GfK and NIQ are typically associated with large-scale market measurement, retail intelligence, panel data, and syndicated commercial datasets. ProductNormaliser is not a replacement for that kind of market infrastructure. It is better thought of as a transparent product-record intelligence layer:
- ProductNormaliser focuses on entity resolution, specification normalisation, source trust, change tracking, and canonical product construction.
- GfK and NIQ typically operate higher in the commercial stack with broader market coverage, proprietary data assets, and enterprise reporting products.
- ProductNormaliser gives you explainable product records and evidence trails that can feed your own analytics, catalog, pricing, or monitoring workflows.
CNET-style experiences are usually editorial, shopper-facing, and review-driven. ProductNormaliser does not generate consumer reviews or editorial verdicts. Instead, it provides the structured evidence layer such experiences can consume:
- canonical specs
- source comparisons
- change history
- offer history
- conflict and disagreement visibility
In other words, CNET-style product insight sits closer to presentation and interpretation; ProductNormaliser sits closer to data capture, reconciliation, and explainable product truth.
Euromonitor and Mintel are commonly used for macro market research, category strategy, and consumer or industry trend reporting. ProductNormaliser is much more operational and granular:
- it monitors live source pages rather than producing broad market reports
- it tracks product-level evidence rather than consumer-survey or strategy narratives
- it is designed for ingestion into internal systems, not mainly for analyst reports
The simplest way to position ProductNormaliser is:
an open, explainable product-record intelligence engine rather than a full syndicated research platform
It is most useful where you want to own the data pipeline, inspect merge decisions, adapt category logic, and integrate the output into your own downstream services.

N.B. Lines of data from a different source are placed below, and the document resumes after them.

Lemma integrable_bounded_above (g : Omega -> R) (M K : R) :
  measurable_fun setT g -> (forall w, (g w <= M)%R) ->
  K%:E <= \int[P]_w (g w)%:E -> P.-integrable setT (EFin \o g).
Proof.
move=> g_meas g_ub K_le.
have gE_meas : measurable_fun setT (EFin \o g) by exact/measurable_EFinP.
have pos_lt : \int[P]_w (EFin \o g)^\+ w < +oo.
  apply: le_lt_trans (_ : \int[P]_w (Num.max M 0%R)%:E < _); last first.
    by rewrite integral_cst_prob ltry.
  apply: ge0_le_integral => //; first exact: measurable_funepos.
  move=> w _; rewrite funeposE /= ge_max.
  by rewrite !lee_fin !le_max g_ub lexx orbT.
have neg_lt : \int[P]_w (EFin \o g)^\- w < +oo.
  rewrite ltNge leye_eq; apply/negP => /eqP neg_oo; move: K_le.
  by rewrite integralE neg_oo addeNy ?leeNy_eq // ge0_fin_numE ?integral_ge0.
apply/integrableP; split => //.
have -> : (fun w => `|(EFin \o g) w|) = (EFin \o g)^\+ \+ (EFin \o g)^\-.
  by rewrite -fune_abse.
rewrite ge0_integralD //.
- exact: lte_add_pinfty.
- exact: measurable_funepos.
- exact: measurable_funeneg.
Qed.

Lemma expectation_affine_bound (g h : Omega -> R) (M t eps : R) :
  measurable_fun setT g -> (forall w, (g w <= M)%R) -> (1 <= t)%R ->
  (forall w, (0 <= h w)%R) -> (forall w, (h w <= g w + t * (M - g w))%R) ->
  ((1 - eps / t) * M)%:E <= \int[P]_w (g w)%:E ->
  \int[P]_w (h w)%:E <= ((1 + eps) * M)%:E.
Proof.
move=> g_meas g_ub t_ge1 h_ge0 h_le g_int_ge.
have g_int := integrable_bounded_above g_meas g_ub g_int_ge.
set Ig := fine (\int[P]_w (g w)%:E).
have g_intE : \int[P]_w (g w)%:E = Ig%:E.
  by rewrite fineK //; exact: integrable_fin_num g_int.
have Ig_le : (Ig <= M)%R.
  rewrite -lee_fin -g_intE -[leRHS]integral_cst_prob.
  apply: le_integral => //; first exact: finite_measure_integrable_cst.
  by move=> w _; rewrite lee_fin g_ub.
apply: le_trans (_ : \int[P]_w ((t * M)%:E - (t - 1)%:E * (g w)%:E) <= _).
  apply: ge0_le_integral_nonmeas => w; first by rewrite lee_fin.
  have affineE : (t * M - (t - 1) * g w = g w + t * (M - g w))%R by ring.
  by rewrite -EFinM -EFinB lee_fin affineE.
rewrite integralB //; last 2 first.
- exact: finite_measure_integrable_cst.
- exact: integrableZl.
rewrite integral_cst_prob integralZl // g_intE -EFinM -EFinB lee_fin.
move: g_int_ge; rewrite g_intE lee_fin.
have t_gt0 : (0 < t)%R by lra.
set q := (eps / t)%R => Ig_ge.
have -> : eps = (q * t)%R by rewrite /q divfK // gt_eqF.
(* (1 - q) M <= Ig <= M forces q M >= 0. *)
have qM_ge0 : (0 <= q * M)%R by nra.
nra.
Qed.

End Expectation.

Theorem mainTheorem16 (R : realType) (n : nat) (E : finType) (tl hd : E -> 'I_n)
    (r : E -> R) (b : 'cV[R]_n) (T : {set E})
    (fstar : E -> R) (xstar : 'cV[R]_n)
    (d : measure_display) (Omega : measurableType d) (P : probability Omega R)
    (X : Omega -> 'cV[R]_n) (F : 'cV[R]_n -> E -> R) (eps : R) :
  (forall e, tl e != hd e) ->
  (forall e, 0 < r e) ->
  connected_graph tl hd ->
  \sum_(v < n) b v 0 = 0 ->
  (* f* is the minimum-energy b-flow *)
  is_bflow tl hd b fstar ->
  (forall f, is_bflow tl hd b f -> energy r fstar <= energy r f) ->
  (* x* maximizes B *)
  (forall x, Bfun tl hd r b x <= Bfun tl hd r b xstar) ->
  spanning_tree tl hd T ->
  (* F x is the tree-defined flow f_{T,x} *)
  (forall x, is_tree_flow tl hd r b T x (F x)) ->
  (* X is a random vector (each coordinate measurable) *)
  (forall i : 'I_n, measurable_fun setT (fun w => X w i 0)) ->
  (\int[P]_w (Bfun tl hd r b (X w))%:E >=
     ((1 - eps / tau tl hd r T) * Bfun tl hd r b xstar)%:E)%E ->
  (\int[P]_w (energy r (F (X w)))%:E <= ((1 + eps) * energy r fstar)%:E)%E.
Proof.
move=> loopless r_gt0 _ _ fstar_flow fstar_min xstar_max T_tree F_tree X_meas.
move=> B_int_ge.
have tree_bound x := tree_flow_energy_le r_gt0 T_tree (F_tree x) xstar_max.
have fstar_xstar : energy r fstar = Bfun tl hd r b xstar.
  apply/le_anti/andP; split; last exact: Bfun_le_energy.
  apply: le_trans (fstar_min _ (F_tree xstar).1) _.
  by apply: le_trans (tree_bound xstar) _; rewrite subrr mulr0 addr0.
have [T0 | /set0Pn[e eT]] := eqVneq T finset.set0.
  have no_edge (e : E) : False.
    case: T_tree => /(_ (tl e) (hd e)); rewrite T0 => /connect_adjS0 tl_hd _.
    by move: (loopless e); rewrite tl_hd eqxx.
  have energy0 f : energy r f = 0.
    by rewrite /energy big1 ?mulr0 // => e _; case: (no_edge e).
  by under eq_integral do rewrite energy0; rewrite integral0 energy0 mulr0.
rewrite fstar_xstar; apply: expectation_affine_bound B_int_ge.
- exact: measurable_Bfun.
- by move=> w; exact: xstar_max.
- apply: le_trans (tau_ge_card r_gt0 T_tree).
  by rewrite ler1n card_gt0; apply/set0Pn; exists e.
- by move=> w; exact: energy_ge0.
- by move=> w; exact: tree_bound.
Qed.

The solution now contains ten projects:
- ProductNormaliser.Domain: domain models, category schema, normalisation contracts, merge logic, and intelligence interfaces
- ProductNormaliser.Application: application-layer seam for use cases, orchestration, and future category-agnostic workflow composition
- ProductNormaliser.Infrastructure: MongoDB persistence, crawl queue, fetch/robots services, delta detection, extraction, trust, stability, and disagreement services
- ProductNormaliser.AdminApi: operational and intelligence read API for queue state, crawl logs, conflicts, product history, and quality analytics
- ProductNormaliser.Worker: background processing host that executes the discovery, crawl, and merge pipeline
- ProductNormaliser.Web: web UI host that will consume backend APIs rather than talking to persistence directly
- ProductNormaliser.Domain.Tests: focused test project for domain-level rules and models
- ProductNormaliser.Application.Tests: current broad integration and orchestration test suite while responsibilities are being split by layer
- ProductNormaliser.AdminApi.Tests: focused test project for API host and controller-facing behavior
- ProductNormaliser.Web.Tests: focused test project for the web UI host
- Operators register or enable managed crawl sources and assign categories such as
tv,monitor, andlaptop. - Each source carries a discovery profile with category entry pages, sitemap hints, allow or deny path rules, URL patterns, depth limits, and per-run budgets.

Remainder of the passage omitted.